***** Dataset entries

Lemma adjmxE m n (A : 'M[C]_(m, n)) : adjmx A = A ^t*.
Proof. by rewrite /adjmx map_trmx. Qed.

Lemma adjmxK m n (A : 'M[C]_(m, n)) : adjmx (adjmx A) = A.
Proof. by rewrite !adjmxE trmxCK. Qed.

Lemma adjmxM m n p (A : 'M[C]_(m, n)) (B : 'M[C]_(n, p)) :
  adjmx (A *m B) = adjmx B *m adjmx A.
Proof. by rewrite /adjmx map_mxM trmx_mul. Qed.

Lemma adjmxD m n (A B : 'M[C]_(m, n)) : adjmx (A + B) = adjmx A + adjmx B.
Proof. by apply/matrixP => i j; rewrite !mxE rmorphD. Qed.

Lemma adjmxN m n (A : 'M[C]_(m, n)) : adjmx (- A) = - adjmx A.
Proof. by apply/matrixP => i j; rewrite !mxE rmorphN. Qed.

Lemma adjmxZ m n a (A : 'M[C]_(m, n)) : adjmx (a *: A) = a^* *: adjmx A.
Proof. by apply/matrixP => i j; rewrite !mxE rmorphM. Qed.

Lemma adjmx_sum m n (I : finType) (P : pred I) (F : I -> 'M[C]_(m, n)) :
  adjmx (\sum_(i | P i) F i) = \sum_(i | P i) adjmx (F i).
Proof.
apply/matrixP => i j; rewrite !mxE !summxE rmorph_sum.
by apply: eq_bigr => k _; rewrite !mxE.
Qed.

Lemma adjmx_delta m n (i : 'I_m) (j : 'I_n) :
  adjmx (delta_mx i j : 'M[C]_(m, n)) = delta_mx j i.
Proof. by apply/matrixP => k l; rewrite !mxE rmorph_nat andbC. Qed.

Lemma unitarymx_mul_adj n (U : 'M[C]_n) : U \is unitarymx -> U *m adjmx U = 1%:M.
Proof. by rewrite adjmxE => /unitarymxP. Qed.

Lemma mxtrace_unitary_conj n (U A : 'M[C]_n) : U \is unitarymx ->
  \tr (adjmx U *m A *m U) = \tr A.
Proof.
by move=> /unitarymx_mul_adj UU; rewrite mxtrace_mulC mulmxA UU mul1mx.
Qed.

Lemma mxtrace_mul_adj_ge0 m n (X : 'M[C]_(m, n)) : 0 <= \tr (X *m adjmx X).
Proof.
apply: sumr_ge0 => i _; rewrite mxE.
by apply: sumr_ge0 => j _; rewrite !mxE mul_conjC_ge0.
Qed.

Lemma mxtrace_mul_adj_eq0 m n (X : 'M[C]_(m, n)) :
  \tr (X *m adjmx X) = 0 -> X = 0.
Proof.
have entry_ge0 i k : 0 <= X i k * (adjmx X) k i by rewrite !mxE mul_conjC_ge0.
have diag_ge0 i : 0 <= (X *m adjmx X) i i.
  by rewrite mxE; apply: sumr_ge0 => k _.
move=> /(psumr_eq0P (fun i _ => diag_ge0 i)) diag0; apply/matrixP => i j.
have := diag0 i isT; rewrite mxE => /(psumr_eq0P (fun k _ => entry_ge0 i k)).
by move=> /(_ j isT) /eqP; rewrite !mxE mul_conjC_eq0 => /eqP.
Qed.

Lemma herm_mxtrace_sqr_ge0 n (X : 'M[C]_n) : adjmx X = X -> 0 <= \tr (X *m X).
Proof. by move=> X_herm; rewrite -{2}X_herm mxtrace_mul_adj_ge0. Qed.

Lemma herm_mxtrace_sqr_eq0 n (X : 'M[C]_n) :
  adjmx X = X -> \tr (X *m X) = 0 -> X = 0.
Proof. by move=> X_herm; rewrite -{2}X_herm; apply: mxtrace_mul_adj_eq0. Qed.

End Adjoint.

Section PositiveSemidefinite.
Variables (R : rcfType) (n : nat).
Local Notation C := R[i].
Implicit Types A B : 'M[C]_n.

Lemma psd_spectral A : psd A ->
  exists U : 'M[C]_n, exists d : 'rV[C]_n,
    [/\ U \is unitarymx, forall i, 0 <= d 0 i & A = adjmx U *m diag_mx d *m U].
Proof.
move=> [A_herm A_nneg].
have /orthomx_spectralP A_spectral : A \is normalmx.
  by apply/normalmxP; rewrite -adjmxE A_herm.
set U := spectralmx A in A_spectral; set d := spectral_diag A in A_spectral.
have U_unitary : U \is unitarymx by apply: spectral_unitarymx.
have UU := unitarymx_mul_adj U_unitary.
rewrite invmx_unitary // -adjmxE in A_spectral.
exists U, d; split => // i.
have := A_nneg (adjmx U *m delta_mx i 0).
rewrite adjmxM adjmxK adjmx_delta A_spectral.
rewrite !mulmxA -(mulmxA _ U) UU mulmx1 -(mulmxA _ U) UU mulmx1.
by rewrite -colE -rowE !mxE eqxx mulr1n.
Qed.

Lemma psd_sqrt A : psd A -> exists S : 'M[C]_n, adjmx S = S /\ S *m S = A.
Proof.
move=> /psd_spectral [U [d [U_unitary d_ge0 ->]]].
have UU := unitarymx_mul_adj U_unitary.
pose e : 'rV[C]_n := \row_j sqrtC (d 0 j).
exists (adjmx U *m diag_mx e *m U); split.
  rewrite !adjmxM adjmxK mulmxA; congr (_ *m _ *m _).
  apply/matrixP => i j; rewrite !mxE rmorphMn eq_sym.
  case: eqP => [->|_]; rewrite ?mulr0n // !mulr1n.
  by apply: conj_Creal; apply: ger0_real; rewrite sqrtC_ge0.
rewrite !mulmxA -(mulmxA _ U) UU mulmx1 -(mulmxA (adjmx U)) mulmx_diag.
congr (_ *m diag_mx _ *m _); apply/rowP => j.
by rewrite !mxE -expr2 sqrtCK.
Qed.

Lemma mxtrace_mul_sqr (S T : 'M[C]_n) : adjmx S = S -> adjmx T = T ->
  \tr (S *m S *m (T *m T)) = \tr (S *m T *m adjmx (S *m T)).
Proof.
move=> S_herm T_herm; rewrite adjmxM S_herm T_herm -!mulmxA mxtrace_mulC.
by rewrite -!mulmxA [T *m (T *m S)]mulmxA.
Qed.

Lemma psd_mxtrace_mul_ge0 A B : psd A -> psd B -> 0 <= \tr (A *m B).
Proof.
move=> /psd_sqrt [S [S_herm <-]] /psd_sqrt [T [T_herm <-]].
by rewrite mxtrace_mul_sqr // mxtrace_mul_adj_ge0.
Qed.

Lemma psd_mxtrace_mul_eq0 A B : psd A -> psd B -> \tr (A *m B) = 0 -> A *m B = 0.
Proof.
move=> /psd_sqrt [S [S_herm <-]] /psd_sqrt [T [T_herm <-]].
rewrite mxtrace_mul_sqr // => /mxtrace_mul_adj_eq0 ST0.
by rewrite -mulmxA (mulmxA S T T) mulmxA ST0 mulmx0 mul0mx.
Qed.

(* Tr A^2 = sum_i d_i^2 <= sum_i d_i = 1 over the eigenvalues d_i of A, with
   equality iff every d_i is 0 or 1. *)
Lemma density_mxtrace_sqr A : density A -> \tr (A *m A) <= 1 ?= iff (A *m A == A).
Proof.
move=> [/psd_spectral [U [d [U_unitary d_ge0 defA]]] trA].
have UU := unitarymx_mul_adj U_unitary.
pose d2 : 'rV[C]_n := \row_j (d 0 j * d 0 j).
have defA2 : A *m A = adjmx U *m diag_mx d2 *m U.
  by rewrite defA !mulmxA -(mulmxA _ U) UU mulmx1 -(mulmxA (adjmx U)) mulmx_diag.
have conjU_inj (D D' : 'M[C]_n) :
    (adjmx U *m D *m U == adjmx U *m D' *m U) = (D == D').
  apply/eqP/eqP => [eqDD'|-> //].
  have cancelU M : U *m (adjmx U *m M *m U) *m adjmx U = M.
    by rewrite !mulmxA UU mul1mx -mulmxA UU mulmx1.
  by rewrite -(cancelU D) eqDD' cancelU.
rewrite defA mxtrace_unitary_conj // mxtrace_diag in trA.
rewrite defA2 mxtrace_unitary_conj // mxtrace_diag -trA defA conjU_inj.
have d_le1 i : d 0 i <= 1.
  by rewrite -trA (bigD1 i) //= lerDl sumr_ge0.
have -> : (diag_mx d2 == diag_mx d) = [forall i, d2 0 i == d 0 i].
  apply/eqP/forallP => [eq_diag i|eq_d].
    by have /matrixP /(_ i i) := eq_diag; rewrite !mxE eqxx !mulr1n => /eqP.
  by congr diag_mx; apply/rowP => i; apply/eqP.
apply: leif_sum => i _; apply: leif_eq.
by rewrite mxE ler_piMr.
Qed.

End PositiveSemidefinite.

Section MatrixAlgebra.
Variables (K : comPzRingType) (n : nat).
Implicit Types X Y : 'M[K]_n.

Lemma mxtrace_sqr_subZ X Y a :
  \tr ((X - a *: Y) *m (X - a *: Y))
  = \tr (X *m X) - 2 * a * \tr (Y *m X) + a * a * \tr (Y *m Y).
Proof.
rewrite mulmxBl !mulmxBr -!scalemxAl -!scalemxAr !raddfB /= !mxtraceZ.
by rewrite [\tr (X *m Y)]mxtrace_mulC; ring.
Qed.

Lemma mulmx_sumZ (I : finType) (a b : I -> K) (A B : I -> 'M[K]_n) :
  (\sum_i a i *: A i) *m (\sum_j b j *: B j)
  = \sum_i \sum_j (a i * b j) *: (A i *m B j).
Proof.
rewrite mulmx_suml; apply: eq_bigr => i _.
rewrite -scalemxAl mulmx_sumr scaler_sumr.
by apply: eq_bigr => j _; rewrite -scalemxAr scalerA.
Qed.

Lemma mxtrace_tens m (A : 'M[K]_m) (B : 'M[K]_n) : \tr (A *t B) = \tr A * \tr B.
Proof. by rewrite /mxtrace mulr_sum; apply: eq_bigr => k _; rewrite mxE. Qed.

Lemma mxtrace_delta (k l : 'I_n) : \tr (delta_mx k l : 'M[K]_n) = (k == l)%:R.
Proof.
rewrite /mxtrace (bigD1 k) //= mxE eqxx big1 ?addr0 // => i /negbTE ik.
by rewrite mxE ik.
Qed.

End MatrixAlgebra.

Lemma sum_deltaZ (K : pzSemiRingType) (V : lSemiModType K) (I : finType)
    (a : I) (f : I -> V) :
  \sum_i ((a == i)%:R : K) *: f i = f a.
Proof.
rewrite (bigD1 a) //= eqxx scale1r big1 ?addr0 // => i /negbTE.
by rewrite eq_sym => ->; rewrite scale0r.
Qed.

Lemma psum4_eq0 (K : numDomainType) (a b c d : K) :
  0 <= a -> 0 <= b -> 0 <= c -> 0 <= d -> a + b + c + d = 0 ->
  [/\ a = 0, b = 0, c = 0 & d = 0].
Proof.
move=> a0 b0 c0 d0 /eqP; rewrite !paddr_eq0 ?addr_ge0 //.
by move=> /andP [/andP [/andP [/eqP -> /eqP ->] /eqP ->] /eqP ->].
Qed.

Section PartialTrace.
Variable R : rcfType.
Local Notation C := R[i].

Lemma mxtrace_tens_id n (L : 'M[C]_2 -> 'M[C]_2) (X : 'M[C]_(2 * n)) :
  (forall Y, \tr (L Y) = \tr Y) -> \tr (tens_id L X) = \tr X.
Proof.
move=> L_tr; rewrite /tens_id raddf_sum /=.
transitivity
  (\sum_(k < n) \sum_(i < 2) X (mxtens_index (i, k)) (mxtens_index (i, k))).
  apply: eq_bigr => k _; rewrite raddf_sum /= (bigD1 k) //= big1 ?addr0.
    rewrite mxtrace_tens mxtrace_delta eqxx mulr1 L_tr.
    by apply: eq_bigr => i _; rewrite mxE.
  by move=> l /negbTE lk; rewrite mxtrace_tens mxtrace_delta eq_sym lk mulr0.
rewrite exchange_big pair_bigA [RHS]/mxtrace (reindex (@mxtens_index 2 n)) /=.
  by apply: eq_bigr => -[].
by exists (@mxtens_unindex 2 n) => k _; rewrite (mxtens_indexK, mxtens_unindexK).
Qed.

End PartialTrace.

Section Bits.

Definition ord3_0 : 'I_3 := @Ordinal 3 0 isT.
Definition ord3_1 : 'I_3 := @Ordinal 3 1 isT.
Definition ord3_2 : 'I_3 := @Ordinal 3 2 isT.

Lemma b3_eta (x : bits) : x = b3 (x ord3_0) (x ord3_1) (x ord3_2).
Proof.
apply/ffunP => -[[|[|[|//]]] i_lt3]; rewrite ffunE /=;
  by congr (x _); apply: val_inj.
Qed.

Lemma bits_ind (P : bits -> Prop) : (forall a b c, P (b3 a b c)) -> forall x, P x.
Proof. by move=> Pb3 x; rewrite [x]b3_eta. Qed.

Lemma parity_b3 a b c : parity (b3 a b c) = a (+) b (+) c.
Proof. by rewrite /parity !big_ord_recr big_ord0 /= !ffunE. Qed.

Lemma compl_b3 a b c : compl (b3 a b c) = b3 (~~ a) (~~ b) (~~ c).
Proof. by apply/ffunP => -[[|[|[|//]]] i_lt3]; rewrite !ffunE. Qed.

**********
***** Dataset entries

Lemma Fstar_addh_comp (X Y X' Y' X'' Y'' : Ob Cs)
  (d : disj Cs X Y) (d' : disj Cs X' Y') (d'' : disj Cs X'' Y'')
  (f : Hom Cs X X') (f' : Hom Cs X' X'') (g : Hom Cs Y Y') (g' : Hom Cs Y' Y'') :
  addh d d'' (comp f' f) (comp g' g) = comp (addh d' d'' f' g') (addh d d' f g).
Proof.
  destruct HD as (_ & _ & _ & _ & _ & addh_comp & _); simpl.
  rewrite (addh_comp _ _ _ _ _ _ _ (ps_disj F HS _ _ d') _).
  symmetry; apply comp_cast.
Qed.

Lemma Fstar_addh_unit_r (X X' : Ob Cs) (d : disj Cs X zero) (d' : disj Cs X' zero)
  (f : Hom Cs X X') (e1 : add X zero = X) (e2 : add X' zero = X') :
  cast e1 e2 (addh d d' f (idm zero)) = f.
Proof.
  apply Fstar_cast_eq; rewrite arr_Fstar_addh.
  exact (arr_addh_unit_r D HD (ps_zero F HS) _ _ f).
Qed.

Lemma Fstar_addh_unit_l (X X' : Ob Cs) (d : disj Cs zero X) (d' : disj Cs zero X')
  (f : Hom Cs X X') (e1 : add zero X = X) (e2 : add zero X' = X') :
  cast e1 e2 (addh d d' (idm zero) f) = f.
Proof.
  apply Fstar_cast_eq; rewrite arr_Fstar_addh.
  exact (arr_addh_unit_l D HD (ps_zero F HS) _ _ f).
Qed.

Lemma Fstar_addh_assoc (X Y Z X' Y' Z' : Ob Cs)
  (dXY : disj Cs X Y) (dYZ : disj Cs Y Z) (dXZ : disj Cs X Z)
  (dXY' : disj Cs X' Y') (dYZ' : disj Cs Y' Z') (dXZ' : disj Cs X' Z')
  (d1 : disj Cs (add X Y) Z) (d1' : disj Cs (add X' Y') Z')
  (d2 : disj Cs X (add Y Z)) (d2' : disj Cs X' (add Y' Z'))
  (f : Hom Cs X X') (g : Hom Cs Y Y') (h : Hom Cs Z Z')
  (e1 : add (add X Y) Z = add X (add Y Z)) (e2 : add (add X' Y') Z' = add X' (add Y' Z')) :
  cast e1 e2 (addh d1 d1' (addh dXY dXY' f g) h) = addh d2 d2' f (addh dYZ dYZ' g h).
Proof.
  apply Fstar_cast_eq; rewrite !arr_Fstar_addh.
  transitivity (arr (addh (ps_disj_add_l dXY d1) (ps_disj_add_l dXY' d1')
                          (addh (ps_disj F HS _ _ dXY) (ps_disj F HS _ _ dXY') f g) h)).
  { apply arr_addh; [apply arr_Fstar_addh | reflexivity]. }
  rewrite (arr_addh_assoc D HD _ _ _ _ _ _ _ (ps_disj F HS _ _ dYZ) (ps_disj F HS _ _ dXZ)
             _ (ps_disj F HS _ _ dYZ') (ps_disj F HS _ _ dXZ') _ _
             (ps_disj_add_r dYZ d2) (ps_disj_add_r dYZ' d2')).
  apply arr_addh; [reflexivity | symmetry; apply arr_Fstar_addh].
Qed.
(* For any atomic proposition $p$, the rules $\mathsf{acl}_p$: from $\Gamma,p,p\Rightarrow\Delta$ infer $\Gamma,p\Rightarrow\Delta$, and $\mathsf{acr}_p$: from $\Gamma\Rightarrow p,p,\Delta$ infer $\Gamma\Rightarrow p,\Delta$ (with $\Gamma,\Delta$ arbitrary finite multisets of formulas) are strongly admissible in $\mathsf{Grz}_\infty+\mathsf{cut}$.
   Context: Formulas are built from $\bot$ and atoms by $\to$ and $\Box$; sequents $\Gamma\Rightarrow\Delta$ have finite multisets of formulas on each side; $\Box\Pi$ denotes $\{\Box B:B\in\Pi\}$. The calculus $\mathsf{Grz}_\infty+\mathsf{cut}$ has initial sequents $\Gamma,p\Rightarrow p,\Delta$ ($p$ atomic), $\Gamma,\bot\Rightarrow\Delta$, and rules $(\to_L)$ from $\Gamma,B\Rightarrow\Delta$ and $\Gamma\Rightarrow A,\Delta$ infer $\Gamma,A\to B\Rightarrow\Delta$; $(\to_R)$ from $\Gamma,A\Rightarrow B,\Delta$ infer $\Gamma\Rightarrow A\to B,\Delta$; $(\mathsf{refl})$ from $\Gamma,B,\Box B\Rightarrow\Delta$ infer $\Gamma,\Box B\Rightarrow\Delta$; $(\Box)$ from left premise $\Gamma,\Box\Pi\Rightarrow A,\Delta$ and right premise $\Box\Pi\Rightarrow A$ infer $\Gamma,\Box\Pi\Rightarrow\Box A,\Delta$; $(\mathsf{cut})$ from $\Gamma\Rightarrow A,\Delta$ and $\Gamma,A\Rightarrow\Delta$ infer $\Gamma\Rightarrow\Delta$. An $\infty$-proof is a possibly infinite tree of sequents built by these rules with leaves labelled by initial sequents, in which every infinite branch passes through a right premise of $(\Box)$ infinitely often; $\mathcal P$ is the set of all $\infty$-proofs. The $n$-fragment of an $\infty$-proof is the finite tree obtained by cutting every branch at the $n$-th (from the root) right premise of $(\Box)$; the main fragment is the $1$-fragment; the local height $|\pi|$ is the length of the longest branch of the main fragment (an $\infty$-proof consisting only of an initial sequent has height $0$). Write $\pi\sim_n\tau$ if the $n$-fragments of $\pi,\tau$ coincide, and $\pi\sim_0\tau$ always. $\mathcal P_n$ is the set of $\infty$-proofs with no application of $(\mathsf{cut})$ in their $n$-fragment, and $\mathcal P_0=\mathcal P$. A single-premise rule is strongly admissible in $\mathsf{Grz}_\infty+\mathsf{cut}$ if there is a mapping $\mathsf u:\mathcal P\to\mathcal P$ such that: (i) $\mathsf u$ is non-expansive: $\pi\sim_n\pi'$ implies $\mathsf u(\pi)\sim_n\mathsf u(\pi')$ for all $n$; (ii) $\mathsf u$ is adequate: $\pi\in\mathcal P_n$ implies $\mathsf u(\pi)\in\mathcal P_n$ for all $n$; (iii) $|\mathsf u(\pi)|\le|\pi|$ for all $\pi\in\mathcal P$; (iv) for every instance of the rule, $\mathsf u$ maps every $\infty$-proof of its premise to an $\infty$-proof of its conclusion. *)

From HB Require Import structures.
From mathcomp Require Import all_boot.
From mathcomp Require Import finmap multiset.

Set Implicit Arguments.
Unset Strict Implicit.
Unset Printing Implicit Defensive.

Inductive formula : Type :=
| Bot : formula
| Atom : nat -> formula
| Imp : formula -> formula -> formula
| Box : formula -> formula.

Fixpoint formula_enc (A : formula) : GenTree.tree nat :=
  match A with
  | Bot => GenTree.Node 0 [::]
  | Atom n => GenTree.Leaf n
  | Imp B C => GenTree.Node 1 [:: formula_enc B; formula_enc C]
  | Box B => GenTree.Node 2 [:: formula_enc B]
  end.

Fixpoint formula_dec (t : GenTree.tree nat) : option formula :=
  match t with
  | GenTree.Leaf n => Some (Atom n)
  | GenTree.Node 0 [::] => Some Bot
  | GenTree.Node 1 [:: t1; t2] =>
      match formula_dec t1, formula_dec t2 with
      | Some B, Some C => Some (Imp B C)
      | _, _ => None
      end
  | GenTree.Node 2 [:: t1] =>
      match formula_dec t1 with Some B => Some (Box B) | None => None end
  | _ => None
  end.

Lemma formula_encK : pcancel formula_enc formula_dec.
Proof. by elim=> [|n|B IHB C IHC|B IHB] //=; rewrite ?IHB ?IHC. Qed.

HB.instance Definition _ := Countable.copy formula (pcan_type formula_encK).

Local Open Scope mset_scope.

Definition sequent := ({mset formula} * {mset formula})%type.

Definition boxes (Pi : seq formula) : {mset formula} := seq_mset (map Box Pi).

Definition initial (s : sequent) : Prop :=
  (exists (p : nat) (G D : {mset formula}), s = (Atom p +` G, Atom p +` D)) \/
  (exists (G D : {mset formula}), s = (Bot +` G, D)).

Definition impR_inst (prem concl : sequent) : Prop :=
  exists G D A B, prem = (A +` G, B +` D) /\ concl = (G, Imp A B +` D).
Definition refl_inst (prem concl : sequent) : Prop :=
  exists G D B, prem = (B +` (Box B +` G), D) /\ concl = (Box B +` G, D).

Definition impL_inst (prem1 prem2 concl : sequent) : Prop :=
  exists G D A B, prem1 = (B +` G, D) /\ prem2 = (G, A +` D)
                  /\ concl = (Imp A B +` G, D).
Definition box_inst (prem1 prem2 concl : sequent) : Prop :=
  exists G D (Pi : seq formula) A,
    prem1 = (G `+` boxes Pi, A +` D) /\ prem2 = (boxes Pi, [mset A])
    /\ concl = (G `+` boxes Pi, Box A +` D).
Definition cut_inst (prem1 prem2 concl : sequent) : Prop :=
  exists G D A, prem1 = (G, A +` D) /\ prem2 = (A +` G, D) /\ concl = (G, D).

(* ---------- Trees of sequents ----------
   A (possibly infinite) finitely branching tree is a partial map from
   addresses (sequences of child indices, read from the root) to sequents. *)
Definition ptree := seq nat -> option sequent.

**********

→ **Task objective**: Looking over the entries above, how many lines contain the string "adjmxE"? State the number and nothing else.

→ **Written solution**: 5